Et la seul résolution que j'ai c'est la 800*600.

Pourtant ut marche bien.

----------

## nemo13

 *alpha_one_x86 wrote:*   

> Je suis dégouter car j'ai acheter le jeu sur les conseille de certain membre et ça marche pas.

 

Je parcours le forum assez souvent et si ma mémoire est bonne les foromeurs te disaient :

"Si tu veux ce jeux achète le plustôt que d'afficher ouvertement un cléf piratée on the mule."

Je ne savais pas que la dysorthographie avait un effet collatéral distordant la véracité des divers propos.  :Wink: 

Je ne peux que te répéter que UT est un des rare  jeux qui marchent nativement sous linux.

A part l'option composite qui bugguait sur ma conf, je j'ai pas d'autres idées, désolé.

Pour ma part je n'y joue plus car :

en solo çà me gave

à plusieurs j'en ai marre de me faire exploser par mon fiston   :Crying or Very sad: 

----------

## alpha_one_x86

J'ai tout tester. La je bloque, car j'ai d abors tester une demo puis un jeu cracker sur emule pour verifier, ça marcher pas. Puis le jeu original bug pareil. Je cherche comme un malade depuis que j'ai poster mon topic (donc ça date), et je trouve pas...

----------

## El_Goretto

Essaie en faisant en sorte que X ne connaisse qu'une seule résolution pour ton écran, et pas plusieurs (celles qu'on peut alterner en faisant ctrl+alt++)

----------

## nemo13

 *El_Goretto wrote:*   

> Essaie en faisant en sorte que X ne connaisse qu'une seule résolution pour ton écran, et pas plusieurs (celles qu'on peut alterner en faisant ctrl+alt++)

 

C'est un truc auquel je n'aurais pas pensé.  :Shocked: 

( je suis en mono résolution (  1280x1024 ( celle de ma dalle ) ).

----------

## alpha_one_x86

Ca marche pas, et en + je veux pouvoir changer sous kde a la volet toute mes résolution (voir le problème que j'ai avec kdetv et pour d'autre réson)

----------

## El_Goretto

Ben après, c'est une histoire entre ton drivers et le jeu.

1- mettre le jeu à jour si ce n'est pas fait

2- vérifier les paramètres de ton driver nvidia: peut être que tu as forcé des paramètres comme un antialiasing ou un anisotropic filtering trop généréreux que ta carte n'est pas capable de géré en haute résolution.
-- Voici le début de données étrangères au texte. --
(* Let $\kappa$ be a regular infinite cardinal and $B$ a Boolean algebra with the $\kappa$-FN. Let $\lambda$ be a cardinal with $\lambda=\lambda^{<\kappa}$ and let $X\subseteq B$ with $|X|>\lambda$. Then there is an independent set $Y\subseteq X$ with $|Y|>\lambda$.
   Context: For an infinite cardinal $\kappa$, a Boolean algebra $B$ (with its canonical partial order) has the $\kappa$-Freese–Nation property ($\kappa$-FN) if there is a map $f:B\to[B]^{<\kappa}$ such that for all $a,b\in B$ with $a\le b$ there is $c\in f(a)\cap f(b)$ with $a\le c\le b$. A subset $Y$ of a Boolean algebra is independent if every elementary product $y_0^{\epsilon_0}\cdots y_{n-1}^{\epsilon_{n-1}}$ of finitely many distinct $y_i\in Y$ (where $y^1=y$, $y^0=-y$) is nonzero. *)

(* Boolean algebras = ctbDistrLatticeType (order.v). *)
From mathcomp Require Import all_boot all_order.
Set Implicit Arguments. Unset Strict Implicit. Unset Printing Implicit Defensive.
Import Order.Theory.
Local Open Scope order_scope.

(* Cardinal comparison of types (cardinalities represented by types). *)
Definition card_le (A B : Type) : Prop := exists f : A -> B, injective f.
Definition card_lt (A B : Type) : Prop := card_le A B /\ ~ card_le B A.

Definition infinite_card (K : Type) : Prop := card_le nat K.

Definition regular_card (K : Type) : Prop :=
  infinite_card K /\
  forall (I : Type) (A : I -> K -> Prop),
    card_lt I K -> (forall i, card_lt {x : K | A i x} K) ->
    exists k : K, forall i, ~ A i k.

(* |L| = |L|^{<|K|}, i.e. |L|^mu <= |L| for every cardinal mu < |K|. *)
Definition pow_lt_eq (L K : Type) : Prop :=
  forall M : Type, card_lt M K -> card_le (M -> L) L.

Definition kappa_FN (K : Type) d (B : ctbDistrLatticeType d) : Prop :=
  exists f : B -> (B -> Prop),
    (forall a, card_lt {x : B | f a x} K) /\
    (forall a b : B, a <= b -> exists c : B, f a c /\ f b c /\ a <= c /\ c <= b).

Definition independent d (B : ctbDistrLatticeType d) (Y : B -> Prop) : Prop :=
  forall (n : nat) (y : 'I_n -> B) (eps : 'I_n -> bool),
    injective y -> (forall i, Y (y i)) ->
    \meet_(i < n) (if eps i then y i else ~` y i) != \bot.

From mathcomp Require Import all_boot all_order.
From mathcomp Require Import boolp wochoice classical_sets.
Set Implicit Arguments. Unset Strict Implicit. Unset Printing Implicit Defensive.
Import Order.Theory.
Local Open Scope order_scope.

(* Let kappa = |K| and lambda = |L|, and suppose every independent subset of X has
   at most lambda elements.  Close {bot} under the Boolean operations, under the
   kappa-FN map f, and under an operator assigning to two sets C, D of size < kappa a
   maximal subset of X independent modulo the ideal generated by C and D.  Since
   kappa is regular and lambda^{<kappa} = lambda, kappa stages of this closure give a
   subalgebra A of size at most lambda.  If some x in X were outside A, take for C
   the elements of f(x) /\ A below x, for D those of f(-x) /\ A below -x, and let Z
   be the maximal set chosen for C, D.  By the FN property C is cofinal in the part
   of A below x and D in the part below -x; this makes Z + {x} still independent
   modulo C and D, contradicting the maximality of Z.  Hence X is contained in A. *)

Lemma sval_inj (T : Type) (P : T -> Prop) : injective (@proj1_sig T P).
Proof. by move=> [x px] [y py] /= xy; subst y; rewrite (Prop_irrelevance px py). Qed.
Theorem mainTheorem4 (T : Type) (lt : T -> T -> Prop)
  (Hlin : strict_linear_order lt)
  (Htypes : forall I, proper_cut lt I -> exists n, has_type lt I n)
  (C D : nat -> T -> Prop)
  (HC : ladder lt C) (HD : ladder lt D) :
  (exists k0 l0, forall n, cut_eq (C (k0 + n)) (D (l0 + n))) /\
  (forall ns ms : nat -> nat,
     (forall k, has_type lt (C k) (ns k)) ->
     (forall l, has_type lt (D l) (ms l)) ->
     exists k0 l0, forall n, ns (k0 + n) = ms (l0 + n)).
Proof.
  destruct (ladders_tail_eq T lt Hlin Htypes C D HC HD) as [k0 [l0 E]].
  split; [eauto|].
  intros ns ms Hns Hms; exists k0, l0; intros n.
  apply (has_type_unique T lt Hlin (D (l0 + n))); [|apply Hms].
  apply (has_type_cut_eq T lt (C (k0 + n))); auto.
Qed.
Il y a de fortes chances que ça vienne de lui.

Pour le reste, j'aimerai juste préciser que personne n'est responsable "de ce qui t'arrive", et qu'aucune aide n'est dûe à personne. Voilà.
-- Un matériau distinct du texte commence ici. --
(* Let $G$ and $H$ be non-archimedean topological groups and suppose $H$ is a $G$-group. Then the topological semidirect product $H\rtimes G$ is non-archimedean.
   Context: A topological group is non-archimedean if it has a local base at the identity consisting of open subgroups. $H$ is a $G$-group if there is a continuous action $G\times H\to H$ such that each translation $h\mapsto gh$ is a group automorphism of $H$. $H\rtimes G$ is $H\times G$ with the product topology and multiplication $(h_1,g_1)(h_2,g_2)=(h_1\cdot g_1h_2,\ g_1g_2)$. *)

From Stdlib Require Import Classical.

Set Implicit Arguments.

Definition is_topology (T : Type) (op : (T -> Prop) -> Prop) : Prop :=
  op (fun _ => True) /\
  (forall (I : Type) (F : I -> T -> Prop),
      (forall i, op (F i)) -> op (fun x => exists i, F i x)) /\
  (forall A B, op A -> op B -> op (fun x => A x /\ B x)).

Definition prod_open (A B : Type) (opA : (A -> Prop) -> Prop)
  (opB : (B -> Prop) -> Prop) (U : A * B -> Prop) : Prop :=
  forall p, U p -> exists (V : A -> Prop) (W : B -> Prop),
    opA V /\ opB W /\ V (fst p) /\ W (snd p) /\
    (forall a b, V a -> W b -> U (a, b)).

Definition continuous (A B : Type) (opA : (A -> Prop) -> Prop)
  (opB : (B -> Prop) -> Prop) (f : A -> B) : Prop :=
  forall U, opB U -> opA (fun x => U (f x)).

Record group_top := GroupTop {
  gcar :> Type;
  gmul : gcar -> gcar -> gcar;
  ginv : gcar -> gcar;
  gone : gcar;
  gopen : (gcar -> Prop) -> Prop
}.

Definition is_group (G : group_top) : Prop :=
  (forall x y z, gmul G x (gmul G y z) = gmul G (gmul G x y) z) /\
  (forall x, gmul G (gone G) x = x) /\
  (forall x, gmul G x (gone G) = x) /\
  (forall x, gmul G (ginv G x) x = gone G) /\
  (forall x, gmul G x (ginv G x) = gone G).

Definition is_topological_group (G : group_top) : Prop :=
  is_group G /\ is_topology (gopen G) /\
  continuous (prod_open (gopen G) (gopen G)) (gopen G)
    (fun p => gmul G (fst p) (snd p)) /\
  continuous (gopen G) (gopen G) (ginv G).

Definition is_subgroup (G : group_top) (V : G -> Prop) : Prop :=
  V (gone G) /\ (forall x y, V x -> V y -> V (gmul G x y)) /\
  (forall x, V x -> V (ginv G x)).

Definition non_archimedean (G : group_top) : Prop :=
  is_topological_group G /\
  forall U : G -> Prop, gopen G U -> U (gone G) ->
    exists V : G -> Prop, is_subgroup G V /\ gopen G V /\
      (forall x, V x -> U x).

Definition is_G_group (G H : group_top) (act : G -> H -> H) : Prop :=
  continuous (prod_open (gopen G) (gopen H)) (gopen H)
    (fun p => act (fst p) (snd p)) /\
  (forall h, act (gone G) h = h) /\
  (forall g1 g2 h, act (gmul G g1 g2) h = act g1 (act g2 h)) /\
  (forall g h1 h2, act g (gmul H h1 h2) = gmul H (act g h1) (act g h2)) /\
  (forall g, (forall h1 h2, act g h1 = act g h2 -> h1 = h2) /\
             (forall h, exists h', act g h' = h)).

Definition semidirect (G H : group_top) (act : G -> H -> H) : group_top :=
  @GroupTop (gcar H * gcar G)
    (fun p q => (gmul H (fst p) (act (snd p) (fst q)), gmul G (snd p) (snd q)))
    (fun p => (act (ginv G (snd p)) (ginv H (fst p)), ginv G (snd p)))
    (gone H, gone G)
    (prod_open (gopen H) (gopen G)).

Arguments is_G_group : clear implicits.
Arguments semidirect : clear implicits.

From Stdlib Require Import FunctionalExtensionality PropExtensionality.

(** Let [U] be an open neighbourhood of [(1, 1)] in [H ⋊ G] containing a box
    [V × W], and [L ⊆ V] an open subgroup of [H].  Continuity of the action at
    [(1, 1)] gives neighbourhoods [K1] of [1] in [G] and [B] of [1] in [H] with
    [K1 · B ⊆ L].  For an open subgroup [K ⊆ K1 ∩ W] of [G], the set [M] of
    those [h] with [K · h ⊆ L] is a [K]-invariant subgroup of [L] containing
    [B], hence open, and [M × K] is an open subgroup of [H ⋊ G] inside [U]. *)

Lemma open_setI (T : Type) (op : (T -> Prop) -> Prop) (A B : T -> Prop) :
  is_topology op -> op A -> op B -> op (fun x => A x /\ B x).
Proof. intros [_ [_ HI]]; apply HI. Qed.

Lemma open_of_locally_open (T : Type) (op : (T -> Prop) -> Prop) (S : T -> Prop) :
  is_topology op ->
  (forall x, S x -> exists W, op W /\ W x /\ forall y, W y -> S y) -> op S.
Proof.
  intros [_ [HU _]] Hloc.
  set (I := {W : T -> Prop | op W /\ forall y, W y -> S y}).
  assert (ES : S = (fun x => exists i : I, proj1_sig i x)).
  { apply functional_extensionality; intro x; apply propositional_extensionality; split.
    - intro Sx. destruct (Hloc x Sx) as [W [oW [Wx WS]]].
      exists (exist _ W (conj oW WS)); exact Wx.
    - intros [[W [oW WS]] Wx]; auto. }
  rewrite ES. apply HU. intros [W [oW WS]]; exact oW.
Qed.

Lemma prod_open_box (A B : Type) (opA : (A -> Prop) -> Prop) (opB : (B -> Prop) -> Prop)
  (X : A -> Prop) (Y : B -> Prop) :
  opA X -> opB Y -> prod_open opA opB (fun p => X (fst p) /\ Y (snd p)).
Proof. intros oX oY p [Xp Yp]; exists X, Y; repeat split; auto. Qed.

Lemma prod_topology (A B : Type) (opA : (A -> Prop) -> Prop) (opB : (B -> Prop) -> Prop) :
  is_topology opA -> is_topology opB -> is_topology (prod_open opA opB).
Proof.
  intros [TA [UA IA]] [TB [UB IB]]. split; [|split].
  - intros p _. exists (fun _ => True), (fun _ => True). repeat split; auto.
  - intros I F HF p [i Fip]. destruct (HF i p Fip) as [V [W [oV [oW [Vp [Wp HVW]]]]]].
    exists V, W. repeat split; auto. intros x y Vx Wy. exists i; auto.
  - intros U1 U2 H1 H2 p [U1p U2p].
    destruct (H1 p U1p) as [V1 [W1 [oV1 [oW1 [V1p [W1p HVW1]]]]]].
    destruct (H2 p U2p) as [V2 [W2 [oV2 [oW2 [V2p [W2p HVW2]]]]]].
    exists (fun x => V1 x /\ V2 x), (fun x => W1 x /\ W2 x).
    split; [|split; [|split; [|split]]]; auto.
    intros x y [? ?] [? ?]; auto.
Qed.

Section TopologicalGroup.
Variable H : group_top.
Hypothesis tH : is_topological_group H.

Lemma open_left_translate (a : H) (U : H -> Prop) :
  gopen H U -> gopen H (fun x => U (gmul H a x)).
Proof.
  destruct tH as [_ [topH [mulH _]]]. intro oU.
  apply open_of_locally_open; auto. intros x Ux.
  destruct (mulH U oU (a, x) Ux) as [V1 [V2 [_ [oV2 [V1a [V2x HV]]]]]].
  exists V2. split; [|split]; auto.
  intros y V2y; exact (HV a y V1a V2y).
Qed.

Lemma subgroup_open_of_nbhs (M B : H -> Prop) :
  is_subgroup H M -> gopen H B -> B (gone H) -> (forall x, B x -> M x) ->
  gopen H M.
Proof.
  destruct tH as [[aH [lH [_ [liH riH]]]] [topH _]].
  intros [_ [Mmul _]] oB B1 BM.
  apply open_of_locally_open; auto. intros m Mm.
  exists (fun x => B (gmul H (ginv H m) x)). repeat split.
  - apply open_left_translate; auto.
  - rewrite liH; exact B1.
  - intros y By.
    replace y with (gmul H m (gmul H (ginv H m) y)) by (rewrite aH, riH, lH; auto).
    auto.
Qed.

End TopologicalGroup.

Section Action.
Variables (G H : group_top) (act : G -> H -> H).
Hypothesis gG : is_group G.
Hypothesis gH : is_group H.
Hypothesis HA : is_G_group G H act.

Lemma act_one (g : G) : act g (gone H) = gone H.
Proof.
  destruct gH as [aH [lH [_ [liH _]]]]. destruct HA as [_ [_ [_ [hom _]]]].
  assert (Hidem : gmul H (act g (gone H)) (act g (gone H)) = act g (gone H))
    by (rewrite <- hom, lH; reflexivity).
  rewrite <- (lH (act g (gone H))), <- (liH (act g (gone H))) at 1.
  rewrite <- aH, Hidem. apply liH.
Qed.

Lemma act_inv (g : G) (h : H) : act g (ginv H h) = ginv H (act g h).
Proof.
  destruct gH as [aH [lH [rH [liH riH]]]]. destruct HA as [_ [_ [_ [hom _]]]].
  rewrite <- (rH (act g (ginv H h))), <- (riH (act g h)), aH, <- hom, liH.
  rewrite act_one; apply lH.
Qed.

(** For a subgroup [K], the largest [K]-stable subset of [L]. *)
Definition act_core (K : G -> Prop) (L : H -> Prop) : H -> Prop :=
  fun h => forall k, K k -> L (act k h).

Lemma act_core_subgroup (K : G -> Prop) (L : H -> Prop) :
  is_subgroup H L -> is_subgroup H (act_core K L).
Proof.
  destruct HA as [_ [_ [_ [hom _]]]]. intros [L1 [Lmul Linv]].
  split; [|split]; unfold act_core.
  - intros k _. rewrite act_one; exact L1.
  - intros x y Mx My k Kk. rewrite hom; auto.
  - intros x Mx k Kk. rewrite act_inv; auto.
Qed.

Lemma act_core_sub (K : G -> Prop) (L : H -> Prop) (h : H) :
  K (gone G) -> act_core K L h -> L h.
Proof.
  destruct HA as [_ [act1 _]]. intros K1 Mh. rewrite <- (act1 h); auto.
Qed.

Lemma act_core_invariant (K : G -> Prop) (L : H -> Prop) (k : G) (h : H) :
  is_subgroup G K -> K k -> act_core K L h -> act_core K L (act k h).
Proof.
  destruct HA as [_ [_ [actM _]]]. intros [_ [Kmul _]] Kk Mh k' Kk'.
  rewrite <- actM; auto.
Qed.

Lemma semidirect_group : is_group (semidirect G H act).
Proof.
  destruct gG as [aG [lG [rG [liG riG]]]], gH as [aH [lH [rH [liH riH]]]].
  destruct HA as [_ [act1 [actM [hom _]]]].
  split; [|split; [|split; [|split]]].
  - intros [h1 g1] [h2 g2] [h3 g3]; simpl. rewrite hom, actM, aH, aG; reflexivity.
  - intros [h g]; simpl. rewrite act1, lH, lG; reflexivity.
  - intros [h g]; simpl. rewrite act_one, rH, rG; reflexivity.
  - intros [h g]; simpl. rewrite <- hom, liH, liG, act_one; reflexivity.
  - intros [h g]; simpl. rewrite <- actM, riG, act1, riH; reflexivity.
Qed.

Lemma semidirect_mul_continuous :
  is_topological_group G -> is_topological_group H ->
  continuous (prod_open (gopen (semidirect G H act)) (gopen (semidirect G H act)))
    (gopen (semidirect G H act))
    (fun p => gmul (semidirect G H act) (fst p) (snd p)).
Proof.
  intros [_ [topG [mulG _]]] [_ [_ [mulH _]]].
  destruct HA as [actC _].
  intros U oU [[h1 g1] [h2 g2]] Up; simpl in Up.
  destruct (oU _ Up) as [V [W [oV [oW [Vp [Wp HVW]]]]]]; simpl in Vp, Wp.
  destruct (mulH V oV (h1, act g1 h2) Vp) as [V1 [V2 [oV1 [oV2 [V1p [V2p HV]]]]]].
  destruct (actC V2 oV2 (g1, h2) V2p) as [A [B [oA [oB [Ap [Bp HAB]]]]]].
  destruct (mulG W oW (g1, g2) Wp) as [W1 [W2 [oW1 [oW2 [W1p [W2p HW]]]]]].
  simpl in *.
  exists (fun p => V1 (fst p) /\ A (snd p) /\ W1 (snd p)),
         (fun q => B (fst q) /\ W2 (snd q)).
  repeat split; auto.
  - apply (prod_open_box _ _ _ _ V1 (fun g => A g /\ W1 g)); auto. apply open_setI; auto.
  - apply prod_open_box; auto.
  - intros [a1 b1] [a2 b2] [Va1 [Ab1 Wb1]] [Ba2 Wb2]; simpl in *.
    apply HVW; simpl; auto.
Qed.

Lemma semidirect_inv_continuous :
  is_topological_group G -> is_topological_group H ->
  continuous (gopen (semidirect G H act)) (gopen (semidirect G H act))
    (ginv (semidirect G H act)).
Proof.
  intros [_ [topG [_ invG]]] [_ [_ [_ invH]]].
  destruct HA as [actC _].
  intros U oU [h g] Up; simpl in Up.
  destruct (oU _ Up) as [V [W [oV [oW [Vp [Wp HVW]]]]]]; simpl in Vp, Wp.
  destruct (actC V oV (ginv G g, ginv H h) Vp) as [A [B [oA [oB [Ap [Bp HAB]]]]]].
  simpl in Ap, Bp.
  exists (fun x => B (ginv H x)), (fun y => A (ginv G y) /\ W (ginv G y)).
  split; [|split; [|split; [|split]]]; auto.
  - apply (invG (fun y => A y /\ W y)). apply open_setI; auto.
  - intros a b Ba [Ab Wb]. apply HVW; simpl; auto. apply (HAB _ _ Ab Ba).
Qed.

Lemma semidirect_subgroup (M : H -> Prop) (K : G -> Prop) :
  is_subgroup H M -> is_subgroup G K -> (forall k h, K k -> M h -> M (act k h)) ->
  is_subgroup (semidirect G H act) (fun p => M (fst p) /\ K (snd p)).
Proof.
  intros [M1 [Mmul Minv]] [K1 [Kmul Kinv]] MK.
  split; [|split]; simpl; auto.
  - intros [h1 g1] [h2 g2] [Mh1 Kg1] [Mh2 Kg2]; simpl in *; auto.
  - intros [h g] [Mh Kg]; simpl in *; auto.
Qed.

End Action.

Arguments act_core {G H} act K L _.

Lemma invariant_open_subgroups (G H : group_top) (act : G -> H -> H)
  (L : H -> Prop) (W : G -> Prop) :
  non_archimedean G -> is_topological_group H -> is_G_group G H act ->
  is_subgroup H L -> gopen H L -> gopen G W -> W (gone G) ->
  exists (K : G -> Prop) (M : H -> Prop),
    is_subgroup G K /\ gopen G K /\ (forall g, K g -> W g) /\
    is_subgroup H M /\ gopen H M /\ (forall h, M h -> L h) /\
    (forall k h, K k -> M h -> M (act k h)).
Proof.
  intros [[gG [topG _]] naG] tH HA sL oL oW W1.
  pose proof HA as [actC _].
  destruct (actC L oL (gone G, gone H)) as [K1 [B [oK1 [oB [K1one [Bone HK1B]]]]]].
  { simpl. rewrite (act_one G H act (proj1 tH) HA). apply sL. }
  destruct (naG (fun g => K1 g /\ W g)) as [K [sK [oK KK1W]]];
    [apply open_setI; auto | auto |].
  exists K, (act_core act K L).
  assert (sM : is_subgroup H (act_core act K L))
    by (apply act_core_subgroup; auto; apply tH).
  split; [exact sK|split; [exact oK|split; [|split; [exact sM|split; [|split]]]]].
  - intros g Kg; apply KK1W; auto.
  - apply (subgroup_open_of_nbhs H tH _ B sM oB Bone).
    intros b Bb k Kk. apply (HK1B k b); auto. apply KK1W; auto.
  - intros h; apply act_core_sub; [exact HA | apply sK].
  - intros k h; apply act_core_invariant; auto.
Qed.

Lemma semidirect_topological_group (G H : group_top) (act : G -> H -> H) :
  is_G_group G H act ->
  is_topological_group G -> is_topological_group H ->
  is_topological_group (semidirect G H act).
Proof.
  intros HA tG tH.
  split; [apply semidirect_group; auto; [apply tG | apply tH]|split; [|split]].
  - apply prod_topology; [apply tH | apply tG].
  - apply semidirect_mul_continuous; auto.
  - apply semidirect_inv_continuous; auto.
Qed.

Theorem corollary3p4 (G H : group_top) (act : G -> H -> H) :
  non_archimedean G -> non_archimedean H -> is_G_group G H act ->
  non_archimedean (semidirect G H act).
Proof.
  intros naG [tH naH] HA.
  split; [apply semidirect_topological_group; [exact HA | apply naG | exact tH]|].
  intros U oU U1.
  destruct (oU _ U1) as [V [W [oV [oW [V1 [W1 HVW]]]]]].
  destruct (naH V oV V1) as [L [sL [oL LV]]].
  destruct (invariant_open_subgroups G H act L W naG tH HA sL oL oW W1)
    as [K [M [sK [oK [KW [sM [oM [ML MK]]]]]]]].
  exists (fun p => M (fst p) /\ K (snd p)).
  split; [|split].
  - apply semidirect_subgroup; assumption.
  - apply prod_open_box; assumption.
  - intros [h g] [Mh Kg]. apply HVW; auto.
Qed.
Après çà, moi, j'ai plus d'idée... Ah si, essaie une ATI la prochaine fois, on sait jamais, sur un malentendu...   :Rolling Eyes: 

----------

## Temet

Faut pas déconner, j'ai déjà lancé ut2004 (et non, pas acheté, j'ai du jouer 5 heures dans ma vie, faut pas déconner), je n'ai eu AUCUN problème, ni avec les résolutions, ni avec rien du tout.

Par contre j'ai un vrai Splinter Cell, j'ai regardé la boite hier et vu que c'est directx only ... je me suis assis dessus :/

----------

## alpha_one_x86

J'ai forcer aucun parametre, j'ai essaye tout les drivers j'ai une 7600GS et j'ai tester tout les parametre possible.

Et sur mon portable j'ai pas arriver a installer gentoo donc j'ai installer mandriva car j'arriver pas a mettre en route mon ati x200.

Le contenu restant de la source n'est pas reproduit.